For teachers & school leaders

AI Use Rubric

Score a proposed AI use across six dimensions — cognitive substitution, bias, privacy, authorship, equity, oversight — and get a go / discuss / redesign recommendation with the rationale.

Inputs
One AI use case + six 0–2 scores
Output
Verdict + rationale you can take into a leadership conversation
Time
~5 minutes

For school leaders

AI Policy Builder

Nine questions about your school's stance on AI yield a 1–2 page draft policy. A structured starting point for a board-ready document — not a finished policy.

Inputs
School name + 8 stance questions
Output
Markdown draft (copy or download .md)
Time
~10 minutes

For parents & caregivers

Family Conversation Generator

Pick your child's age and a topic about AI — homework, deepfakes, AI friends, privacy, creativity, the future of work. Get five short prompts that work at dinner or in the car.

Inputs
Age band + topic
Output
5 conversation prompts (copy-friendly)
Time
~30 seconds

How these fit together

Use the Picker when you have 20 minutes of class time and want a discussion-ready scenario. Use the Rubric when you're evaluating one specific AI use — a tool a vendor pitched, a workflow a teacher proposed, a use case a student asked about. Use the Policy Builder when your school needs an overall position, not a one-off decision. Use Family Conversations when you want your kid to talk first.

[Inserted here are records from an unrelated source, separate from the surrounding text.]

Lemma pow_le_redundancy r : 1 <= r <= s -> r <= n -> n ^ r <= 2 ^ s * (r * t) ^ r.
Proof.
  intros Hr Hrn. pose proof probes_pos.
  destruct (le_lt_dec (r * t) n) as [Hm|Hm].
  - pose proof (binom_ratio_ge (r * t) n r Hm).
    pose proof (outcome_bound_le (r * t) r s ltac:(lia) ltac:(nia)).
    pose proof (Hbinom r ltac:(lia)).
    pose proof (binom_pos (r * t) r ltac:(nia)).
    apply (Nat.mul_le_mono_pos_r _ _ (binom (r * t) r)); [lia|].
    rewrite <- Nat.mul_assoc, (Nat.mul_comm (_ ^ r)), Nat.mul_assoc. nia.
  - pose proof (pow2_pos s). pose proof (Nat.pow_le_mono_l n (r * t) r ltac:(lia)). nia.
Qed.

Lemma redundancy_bound : 0 < s -> n <= 2 * s * t.
Proof.
  intros Hs. pose proof probes_pos.
  destruct (le_lt_dec s n) as [Hsn|Hsn]; [|nia].
  apply (Nat.pow_le_mono_l_iff _ _ s); [lia|].
  rewrite <- Nat.mul_assoc, Nat.pow_mul_l. apply pow_le_redundancy; lia.
Qed.

Local Open Scope R_scope.

Lemma entropy_bound : INR n <= exp 1 * INR t * (INR s * ln 2 + 1).
Proof.
  pose proof ln2_bounds. pose proof (exp_ineq1_le 1) as He.
  pose proof probes_pos as Ht. apply le_INR in Ht. simpl in Ht.
  destruct (Nat.eq_dec s 0) as [Hs0|Hs].
  - pose proof (le_INR _ _ (n_le_probes_succ Hs0)) as Hnt. rewrite plus_INR in Hnt.
    rewrite Hs0. simpl in *. nra.
  - assert (HsR : 1 <= INR s) by (apply (le_INR 1); lia).
    destruct (exists_nat_between (INR s * ln 2)) as [r [Hr1 Hr2]]; [nra|].
    assert (Hr : (0 < r)%nat) by (apply INR_lt; simpl; nra).
    assert (Hrs : (r <= s)%nat) by (apply Nat.lt_succ_r, INR_lt; rewrite S_INR; nra).
    assert (Hrt : exp 1 * INR (r * t) <= exp 1 * INR t * (INR s * ln 2 + 1)).
    { rewrite mult_INR, <- Rmult_assoc, (Rmult_assoc (exp 1)), (Rmult_comm (INR r)), <- Rmult_assoc.
      apply Rmult_le_compat_l; [pose proof (exp_pos 1); nra|lra]. }
    destruct (le_lt_dec r n) as [Hrn|Hnr].
    + pose proof (le_INR _ _ (pow_le_redundancy r ltac:(lia) Hrn)) as Hpow.
      rewrite mult_INR, !pow_INR in Hpow. replace (INR 2) with 2 in Hpow by (simpl; lra).
      pose proof (pow2_lt_exp_pow s r Hr1) as H2e.
      assert (Hmt : 0 < INR (r * t)) by (apply lt_0_INR; pose proof probes_pos; nia).
      assert (INR n <= exp 1 * INR (r * t)); [|lra].
      apply (pow_le_reg_l _ _ r); [nra|lia|].
      rewrite Rpow_mult_distr. eapply Rle_trans; [exact Hpow|].
      apply Rmult_le_compat_r; [apply pow_le|]; lra.
    + apply lt_INR in Hnr.
      assert (1 <= exp 1 * INR t) by nra.
      assert (0 <= (exp 1 * INR t - 1) * (INR s * ln 2 + 1)) by (apply Rmult_le_pos; nra).
      nra.
Qed.

End Consequences.

Open Scope R_scope.

Theorem mainTheorem8 (n s t : nat) (Hn : (2 <= n)%nat)
  (R : list bool -> list bool -> Prop)
  (HRtyp : forall S B, R S B -> length S = n /\ length B = (n + s)%nat)
  (HRtot : forall S, length S = n -> exists B, R S B)
  (HRsys : forall S B, R S B ->
     forall l, (l < n)%nat -> nth l B false = nth l S false)
  (Halg : forall r, (1 <= r <= n)%nat ->
     exists T : dtree (list bool),
       forall S B, R S B -> card_bits S = r ->
         (dt_probes T B <= r * t)%nat /\ dt_output T B = S) :
  (INR s + 1 / ln 2) * INR t >= INR n / (exp 1 * ln 2) /\
  ((0 < s)%nat -> INR s * INR t >= INR n / 2).
Proof.
  pose proof (binom_le_outcome_bound n s t R HRtyp HRtot HRsys Halg) as Hbinom.
  pose proof ln2_bounds. pose proof (exp_pos 1).
  split.
  - pose proof (entropy_bound n s t Hn Hbinom) as Hent. apply Rle_ge.
    replace ((INR s + 1 / ln 2) * INR t)
      with (exp 1 * INR t * (INR s * ln 2 + 1) / (exp 1 * ln 2)) by (field; lra).
    apply Rmult_le_compat_r; [|exact Hent].
    left. apply Rinv_0_lt_compat, Rmult_lt_0_compat; lra.
  - intros Hs. pose proof (le_INR _ _ (redundancy_bound n s t Hn Hbinom Hs)) as Hred.
    rewrite !mult_INR in Hred. simpl in Hred. lra.
Qed.
(* Let $k/\mathbb{Q}$ be a finite extension and $\Lambda$ a finitely generated subgroup of $\mathrm{GL}(n;k)$, and let $\Gamma$ be a unipotent subgroup of $\Lambda$. Then there exists a torsion-free finite index subgroup $\Lambda_0$ of $\Lambda$ with $\Gamma\subseteq\Lambda_0$.
   Context: A subgroup is unipotent if it is conjugate in $\mathrm{GL}(n;\mathbb{C})$ into the group of upper triangular matrices with all diagonal entries equal to 1. *)

From HB Require Import structures.
From mathcomp Require Import all_boot all_order all_algebra.
From mathcomp Require Import complex reals.
Set Implicit Arguments. Unset Strict Implicit. Unset Printing Implicit Defensive.
Import Order.TTheory GRing.Theory Num.Theory.
Local Open Scope ring_scope.

(* k is a finite extension of Q: k is finite-dimensional as a Q-vector space,
   i.e. spanned over Q (acting through ratr) by finitely many elements. *)
Definition finite_over_Q (k : fieldType) : Prop :=
  exists (d : nat) (b : 'I_d -> k),
    forall x : k, exists c : 'I_d -> rat, x = \sum_(i < d) ratr (c i) * b i.

Definition GL_subgroup (F : fieldType) (n : nat) (G : 'M[F]_n -> Prop) : Prop :=
  [/\ G 1%:M,
      (forall g, G g -> g \in unitmx),
      (forall g h, G g -> G h -> G (g *m h)) &
      (forall g, G g -> G (invmx g))].

Definition GL_subset (F : fieldType) (n : nat) (A B : 'M[F]_n -> Prop) : Prop :=
  forall g, A g -> B g.

Definition GL_generated (F : fieldType) (n : nat) (s : seq 'M[F]_n)
  (g : 'M[F]_n) : Prop :=
  forall H : 'M[F]_n -> Prop, GL_subgroup H -> (forall x, x \in s -> H x) -> H g.

Definition GL_fingen (F : fieldType) (n : nat) (G : 'M[F]_n -> Prop) : Prop :=
  GL_subgroup G /\
  exists s : seq 'M[F]_n, all (fun x => x \in unitmx) s /\
    forall g, G g <-> GL_generated s g.

Definition mxpow (F : fieldType) (n : nat) (g : 'M[F]_n) (m : nat) : 'M[F]_n :=
  iter m (mulmx g) 1%:M.

Definition torsion_free (F : fieldType) (n : nat) (G : 'M[F]_n -> Prop) : Prop :=
  forall g m, G g -> (0 < m)%N -> mxpow g m = 1%:M -> g = 1%:M.

Definition finite_index (F : fieldType) (n : nat) (H G : 'M[F]_n -> Prop) : Prop :=
  exists s : seq 'M[F]_n, (forall x, x \in s -> G x) /\
    forall g, G g -> exists2 x, x \in s & H (invmx x *m g).

Definition upper_unitriangular (F : fieldType) (n : nat) (A : 'M[F]_n) : Prop :=
  forall i j : 'I_n, ((j < i)%N -> A i j = 0) /\ (i = j -> A i j = 1).

(* G (a subgroup of GL(n;k), k embedded in C via f) is unipotent: conjugate in
   GL(n;C) into the upper unitriangular matrices *)
Definition unipotent_subgroup (k : fieldType) (C : fieldType)
  (f : {rmorphism k -> C}) (n : nat) (G : 'M[k]_n -> Prop) : Prop :=
  exists P : 'M[C]_n, P \in unitmx /\
    forall g, G g -> upper_unitriangular (P *m map_mx f g *m invmx P).

(* Fix a Q-basis b of k and two distinct primes p, q exceeding every denominator
   occurring in the structure constants of b and in the coordinates of the
   generators of Lambda and of their inverses.  Then Lambda consists of matrices
   over the ring of elements with p-integral coordinates (and likewise for q), so
   it can be reduced mod p and mod q.  Let Lambda0 be the set of g in Lambda that
   are congruent mod p and mod q to one and the same c in Gamma: it is a subgroup
   containing Gamma, of finite index because the reductions take finitely many
   values.  If g in Lambda0 has finite order and g = c (mod p) with c unipotent,
   then g^(p^n) = c^(p^n) = 1 (mod p); and an element h = 1 + X = 1 (mod p) whose
   order is prime to p is trivial, because (1 + X)^m = 1 yields X = X V with
   V = 0 (mod p), so that every power of p divides X.  Hence g has p-power order,
   likewise q-power order, and g = 1. *)

From mathcomp Require Import all_boot all_order all_algebra.
From mathcomp Require Import complex reals zify ring.
From Stdlib Require Import Classical ClassicalEpsilon.
Set Implicit Arguments. Unset Strict Implicit. Unset Printing Implicit Defensive.
Import Order.TTheory GRing.Theory Num.Theory.
Local Open Scope ring_scope.

Section PIntegral.
Variable p : nat.
Hypothesis p_pr : prime p.

Definition p_integral (r : rat) := exists a b : int, ~~ (p %| b)%Z /\ r = a%:~R / b%:~R.

Let ndvd_intr_neq0 (b : int) : ~~ (p %| b)%Z -> (b%:~R : rat) != 0.
Proof. by move=> Hb; rewrite intr_eq0; apply: contra Hb => /eqP ->; rewrite dvdz0. Qed.

Let ndvdzM (a b : int) : ~~ (p %| a)%Z -> ~~ (p %| b)%Z -> ~~ (p %| a * b)%Z.
Proof. by rewrite !dvdzE abszM /= Euclid_dvdM // negb_or => -> ->. Qed.

Let ndvdz1 : ~~ (p %| 1)%Z.
Proof. by rewrite dvdzE /= dvdn1; case: eqP p_pr => // ->. Qed.

Let denq_intr_neq0 r : (denq r)%:~R != 0 :> rat.
Proof. by rewrite intr_eq0 denq_neq0. Qed.

Lemma p_integral_int (z : int) : p_integral z%:~R.
Proof. by exists z, 1; split; [exact: ndvdz1 | rewrite divr1]. Qed.
Lemma kernel_window_lower p L t : 0 < p -> 0 < L -> 0 < t -> t <= 1 ->
  window_const p L * Rpower t p <= RInt (kernel p L) (t / 2) t.
Proof.
  intros hp hL ht ht1.
  assert (Hpt : forall x, t / 2 <= x <= t -> Rpower (t / 2) p / t * exp (- L) <= kernel p L x).
  { intros x hx. unfold kernel.
    replace (p - 1) with (p + - (1)) by ring.
    rewrite Rpower_plus, Rpower_Ropp, Rpower_1 by lra.
    assert (Rpower (t / 2) p <= Rpower x p) by (apply Rle_Rpower_l; lra).
    assert (/ t <= / x) by (apply Rinv_le_contravar; lra).
    assert (exp (- L) <= exp (- (L * x))) by (apply exp_le_mono; nra).
    pose proof (Rpower_pos (t / 2) p). pose proof (exp_pos (- L)).
    assert (0 < / t) by (apply Rinv_0_lt_compat; lra).
    assert (Rpower (t / 2) p * / t <= Rpower x p * / x) by (apply Rmult_le_compat; lra).
    apply Rmult_le_compat; try lra. apply Rmult_le_pos; lra. }
  replace (window_const p L * Rpower t p) with ((t - t / 2) * (Rpower (t / 2) p / t * exp (- L))).
  - rewrite <- (RInt_const (V := R_CompleteNormedModule)).
    apply RInt_le; try lra.
    + apply ex_RInt_const.
    + apply ex_RInt_kernel; lra.
    + intros x hx. apply Hpt. lra.
  - replace (Rpower (t / 2) p) with (Rpower t p * Rpower (1 / 2) p)
      by (rewrite Rpower_mult_distr by lra; f_equal; field).
    unfold window_const. field. lra.
Qed.

Lemma kernel_integral_bounds p L : 0 < p -> 0 < L ->
  exists c0 B, 0 < c0 <= B /\ (exists l, imp_int (kernel p L) l) /\
    forall l, imp_int (kernel p L) l -> c0 <= l <= B.
Proof.
  intros hp hL. destruct (kernel_partial_bound p L hp hL) as [B HB].
  assert (Hpos : forall x, 0 < x -> 0 <= kernel p L x) by (intros; left; apply kernel_pos).
  destruct (imp_int_of_bounded (kernel p L) B) as [l0 Hl0]; auto.
  { intros; now apply kernel_cont. }
  set (c0 := window_const p L * Rpower 1 p).
  assert (Hbounds : forall l, imp_int (kernel p L) l -> c0 <= l <= B).
  { intros l Hl. split.
    - eapply Rle_trans; [apply (kernel_window_lower p L 1); lra|].
      apply (imp_int_partial_le _ _ Hl Hpos); lra.
    - now apply (imp_int_bound _ _ _ Hl). }
  assert (hc0 : 0 < c0) by (apply Rmult_lt_0_compat; [apply window_const_pos | apply Rpower_pos]).
  exists c0, B. specialize (Hbounds l0 Hl0) as Hl0b.
  split; [lra|]. split; [now exists l0 | exact Hbounds].
Qed.
(* Let $k\ge2$, let $\Pi\subseteq\mathfrak S_k$ be a nonoverlapping set of patterns, and let $I$ be a finite set of positive integers with $m=\max(I\cup\{0\})$. Then there is a function $g$ in the $\mathbb Q$-vector space $V_\Pi$ spanned by the functions $n\mapsto n^{j}\,\mathrm{av}_\Pi(n+l)$ ($j\in\mathbb Z_{\ge0}$, $l\in\mathbb Z$) such that $\#\Pi(I;n)=g(n)$ for all integers $n\ge m+k-1$.
   Context: Two integer sequences $a_1\cdots a_k$ and $b_1\cdots b_k$ are order isomorphic if $a_i<a_j\iff b_i<b_j$ for all $i,j$. For $\sigma\in\mathfrak S_k$, a permutation $\pi\in\mathfrak S_n$ contains a consecutive copy of $\sigma$ at index $i$ if $\pi_i\pi_{i+1}\cdots\pi_{i+k-1}$ is order isomorphic to $\sigma$. For a set $\Pi$ of patterns, $\Pi(I;n)$ is the set of $\pi\in\mathfrak S_n$ such that the set of indices $i$ at which $\pi$ contains a consecutive copy of some $\sigma\in\Pi$ is exactly $I$, and $\mathrm{av}_\Pi(n)=\#\Pi(\emptyset;n)$ (with $\mathrm{av}_\Pi(n)$ understood as $\#\Pi(\emptyset;n)$ for all integers $n\ge0$). $\Pi\subseteq\mathfrak S_k$ is nonoverlapping if for all (not necessarily distinct) $\sigma,\tau\in\Pi$ and every $l$ with $1<l<k$, the length-$l$ prefix of $\sigma$ is not order isomorphic to the length-$l$ suffix of $\tau$. *)

From HB Require Import structures.
From mathcomp Require Import all_boot all_order all_algebra all_fingroup.
Set Implicit Arguments. Unset Strict Implicit. Unset Printing Implicit Defensive.
Import Order.TTheory GRing.Theory Num.Theory.

(* One-line notation of a permutation of 'I_n (values in 0..n-1). *)
Definition word n (p : {perm 'I_n}) : seq nat := [seq val (p i) | i <- enum 'I_n].

Definition order_iso (a b : seq nat) : bool :=
  (size a == size b) &&
  [forall i : 'I_(size a), forall j : 'I_(size a),
     (nth 0 a i < nth 0 a j) == (nth 0 b i < nth 0 b j)].

(* pi contains a consecutive copy of sigma at (1-based) index i. *)
Definition occurs_at n k (pi : {perm 'I_n}) (sigma : {perm 'I_k}) (i : nat) : bool :=
  [&& 0 < i, i + k - 1 <= n & order_iso (take k (drop i.-1 (word pi))) (word sigma)].

Definition occ_indices n k (Pi : {set {perm 'I_k}}) (pi : {perm 'I_n}) : seq nat :=
  [seq i <- iota 1 n | [exists s in Pi, occurs_at pi s i]].

Definition PiI k (Pi : {set {perm 'I_k}}) (I : seq nat) (n : nat) : nat :=
  #|[set pi : {perm 'I_n} |
      all (fun i => i \in I) (occ_indices Pi pi) &&
      all (fun i => i \in occ_indices Pi pi) I]|.

Definition av k (Pi : {set {perm 'I_k}}) (n : nat) : nat := PiI Pi [::] n.

Definition avZ k (Pi : {set {perm 'I_k}}) (z : int) : rat :=
  match z with Posz n => (av Pi n)%:R | Negz _ => 0%R end.
Lemma tail_generating (A : pred (Omega adj M)) (a z : R) :
  0 < z < 1 -> (forall s, A s -> INR (full_rounds s M) < a) ->
  Prob p A <= (q * z + (1 - q)) ^ M * / Rpower z a.
Proof.
move=> z_range few_full.
have ln_z : ln z < 0 by rewrite -ln_1; apply: ln_increasing; lra.
apply: Rle_trans (Prob_le_expect (g := fun s => Rpower z (INR (full_rounds s M) - a)) _ _) _.
- by move=> s; apply: Rlt_le; apply: exp_pos.
- move=> s /few_full K_lt; rewrite /Rpower.
  by have := exp_ineq1_le ((INR (full_rounds s M) - a) * ln z); nra.
rewrite -expect_pow_full_rounds big_distrl; right; apply: eq_bigr => s _ /=.
by rewrite /Rminus Rpower_plus Rpower_Ropp Rpower_pow; lra.
Qed.

End Erasures.

Lemma ln_div (x y : R) : 0 < x -> 0 < y -> ln (x / y) = ln x - ln y.
Proof. by move=> x_pos y_pos; rewrite ln_mult ?ln_Rinv //; apply: Rinv_0_lt_compat. Qed.

(* At the optimal tilt [z = a(1-q) / ((1-a)q)] the exponential Markov bound
   equals the Chernoff bound [2^{-M D(a,q)}]. *)
Lemma chernoff_tilt (a q : R) (M : nat) : 0 < a < q -> q < 1 ->
  let z := a * (1 - q) / ((1 - a) * q) in
  (q * z + (1 - q)) ^ M * / Rpower z (a * INR M)
  = Rpower 2 (- INR M * (a * log2 (a / q) + (1 - a) * log2 ((1 - a) / (1 - q)))).
Proof.
move=> a_range q_lt1 z.
have ln2_pos : 0 < ln 2 by have := ln_lt_2; lra.
have mean : q * z + (1 - q) = (1 - q) / (1 - a) by rewrite /z; field; lra.
rewrite mean -Rpower_pow; last by apply: Rdiv_lt_0_compat; lra.
rewrite /Rpower -exp_Ropp -exp_plus /z /log2; congr exp.
rewrite !ln_div; try (apply: Rmult_lt_0_compat || apply: Rdiv_lt_0_compat); try lra.
by rewrite !ln_mult; try lra; field; lra.
Qed.

Lemma kl_term_self (a : R) : kl_term a a = Some 0.
Proof.
rewrite /kl_term; case: (Req_dec_T a 0) => [//|a_ne0].
by rewrite /Rdiv Rinv_r // /log2 ln_1; congr Some; field; have := ln_lt_2; lra.
Qed.

Lemma kl_term_regular (a b : R) : a <> 0 -> b <> 0 -> kl_term a b = Some (a * log2 (a / b)).
Proof. by rewrite /kl_term => a_ne0 b_ne0; case: (Req_dec_T a 0); case: (Req_dec_T b 0). Qed.

Lemma kl_term_singular (a : R) : a <> 0 -> kl_term a 0 = None.
Proof. by rewrite /kl_term => a_ne0; case: (Req_dec_T a 0); case: (Req_dec_T 0 0). Qed.

Lemma chernoff_bound_ge0 (N M : nat) (D : option R) : 0 <= chernoff_bound N M D.
Proof.
case: D => [d|] /=; last lra.
by apply: Rmult_le_pos; [exact: pos_INR | apply: Rlt_le; exact: exp_pos].
Qed.

Lemma chernoff_bound_le_N (N M : nat) (D : option R) :
  (1 <= N)%nat -> chernoff_bound 1 M D <= chernoff_bound N M D.
Proof.
move=> /leP /le_INR N_ge1; case: D => [d|] /=; last lra.
by apply: Rmult_le_compat_r; [apply: Rlt_le; exact: exp_pos | exact: N_ge1].
Qed.

Lemma full_rounds_chernoff (T : finType) (adj : rel T) (p a : R) (M : nat)
    (A : pred (Omega adj M)) :
  let q := (1 - p) ^ nedges adj in
  0 <= p <= 1 -> 0 < a < q -> q < 1 ->
  (forall s, A s -> INR (full_rounds s M) < a * INR M) ->
  Prob p A <= Rpower 2 (- INR M * (a * log2 (a / q) + (1 - a) * log2 ((1 - a) / (1 - q)))).
Proof.
move=> q [p_ge0 p_le1] a_range q_lt1 few_full.
rewrite -chernoff_tilt //; apply: tail_generating => //; split.
  by apply: Rdiv_lt_0_compat; nra.
by apply: (Rmult_lt_reg_r ((1 - a) * q)); [nra | rewrite /Rdiv Rmult_assoc Rinv_l; nra].
Qed.

(* Chernoff bound for the number of full rounds, a Binomial(M, q) variable
   with [q = (1-p)^|E|]; the degenerate cases [a = q] (trivial bound),
   [a = 0] (empty event) and [q = 1] (all rounds full almost surely) are
   settled before the generic one. *)
Lemma full_rounds_tail (T : finType) (adj : rel T) (p a : R) (M : nat)
    (A : pred (Omega adj M)) :
  0 <= p <= 1 -> 0 <= a <= (1 - p) ^ nedges adj ->
  (forall s, A s -> INR (full_rounds s M) < a * INR M) ->
  Prob p A <= chernoff_bound 1 M (KL a ((1 - p) ^ nedges adj)).
Proof.
move=> [p_ge0 p_le1] [a_ge0 a_le_q] few_full.
have q_le1 : (1 - p) ^ nedges adj <= 1.
  by rewrite -[X in _ <= X](pow1 (nedges adj)); apply: pow_incr; lra.
have [a_eq_q | a_ne_q] := Req_dec a ((1 - p) ^ nedges adj).
  rewrite a_eq_q /KL kl_term_self kl_term_self /= Rplus_0_r Rmult_0_r Rpower_O ?Rmult_1_r;
    [exact: tail_le_one | lra].
have a_lt_q : a < (1 - p) ^ nedges adj by case: (Rle_lt_or_eq_dec _ _ a_le_q).
have [a_eq0 | a_ne0] := Req_dec a 0.
  apply: (Rle_trans _ 0); last exact: chernoff_bound_ge0.
  apply: Rle_trans (Prob_le_expect p_ge0 p_le1 (g := fun _ => 0) _ _) _ => [s|s /few_full|].
  - lra.
  - by rewrite a_eq0 Rmult_0_l; have := pos_INR (full_rounds s M); lra.
  by rewrite big1 => [|s _]; [apply: Rle_refl | rewrite Rmult_0_r].
have a_pos : 0 < a by case: (Rle_lt_or_eq_dec _ _ a_ge0) => // a_eq0; case: a_ne0.
have [q_eq1 | q_ne1] := Req_dec ((1 - p) ^ nedges adj) 1.
  have KL_infinite : KL a 1 = None.
    by rewrite /KL Rminus_diag kl_term_singular; [case: kl_term | lra].
  rewrite q_eq1 KL_infinite /=; rewrite q_eq1 in a_lt_q.
  have := tail_all_full p_ge0 p_le1 (A := A); rewrite q_eq1 pow1 Rminus_diag; apply.
  move=> s /few_full K_lt; apply/ltP; apply: INR_lt; have := pos_INR M; nra.
have q_lt1 : (1 - p) ^ nedges adj < 1 by case: (Rle_lt_or_eq_dec _ _ q_le1).
rewrite /KL !kl_term_regular /=; try lra.
by rewrite Rmult_1_l; apply: full_rounds_chernoff.
Qed.

Lemma connected_has_neighbour (T : finType) (adj : rel T) :
  (forall x y : T, connect adj x y) -> (1 < #|T|)%nat -> forall v, exists u, adj v u.
Proof.
move=> adj_conn two_vertices v.
have [w w_ne_v] : exists w, w != v.
  move: two_vertices; rewrite (cardD1 v) inE add1n ltnS => /card_gt0P [w].
  by rewrite inE => /andP [w_ne_v _]; exists w.
case/connectP: (adj_conn v w) => -[|u path_vw] /=.
  by move=> _ w_eq; rewrite w_eq eqxx in w_ne_v.
by case/andP => adj_vu _ _; exists u.
Qed.

Local Close Scope R_scope.

Theorem theorem2 (T : finType) (adj : rel T)
  (adj_sym : symmetric adj) (adj_irr : irreflexive adj)
  (adj_conn : forall x y : T, connect adj x y) (two_vertices : 1 < #|T|)
  (p : R) (hp0 : (0 <= p)%R) (hp1 : (p <= 1)%R)
  (R' : R) (hR0 : (0 <= R')%R) (hR1 : (R' <= (1 - p) ^ nedges adj)%R)
  (M : nat) (hM : 1 <= M) :
  (@Prob T adj p M
     (fun s : Omega adj M =>
        if Rlt_dec (IZR (min_nv s M)) (R' * INR M) then true else false)
   <= chernoff_bound #|T| M (KL R' ((1 - p) ^ nedges adj)))%R.
Proof.
have has_nbr := connected_has_neighbour adj_conn two_vertices.
have [v0 _] : exists v0 : T, v0 \in T by apply/card_gt0P; apply: ltnW.
apply: Rle_trans (chernoff_bound_le_N _ _ (ltnW two_vertices)).
apply: full_rounds_tail => // s; case: Rlt_dec => // few_iterations _.
have := full_rounds_le_min_nv (s := s) adj_sym has_nbr v0.
by move/IZR_le; rewrite -INR_IZR_INZ; lra.
Qed.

These four don't replace each other — they answer different questions. The Rubric ("should we?") feeds the Policy Builder ("what's our overall stance?"). The Picker ("what should I teach tomorrow?") sits upstream of the family conversation ("what does my kid think about what they learned?"). Most of this site supports them — they don't replace the reading; they're what comes next.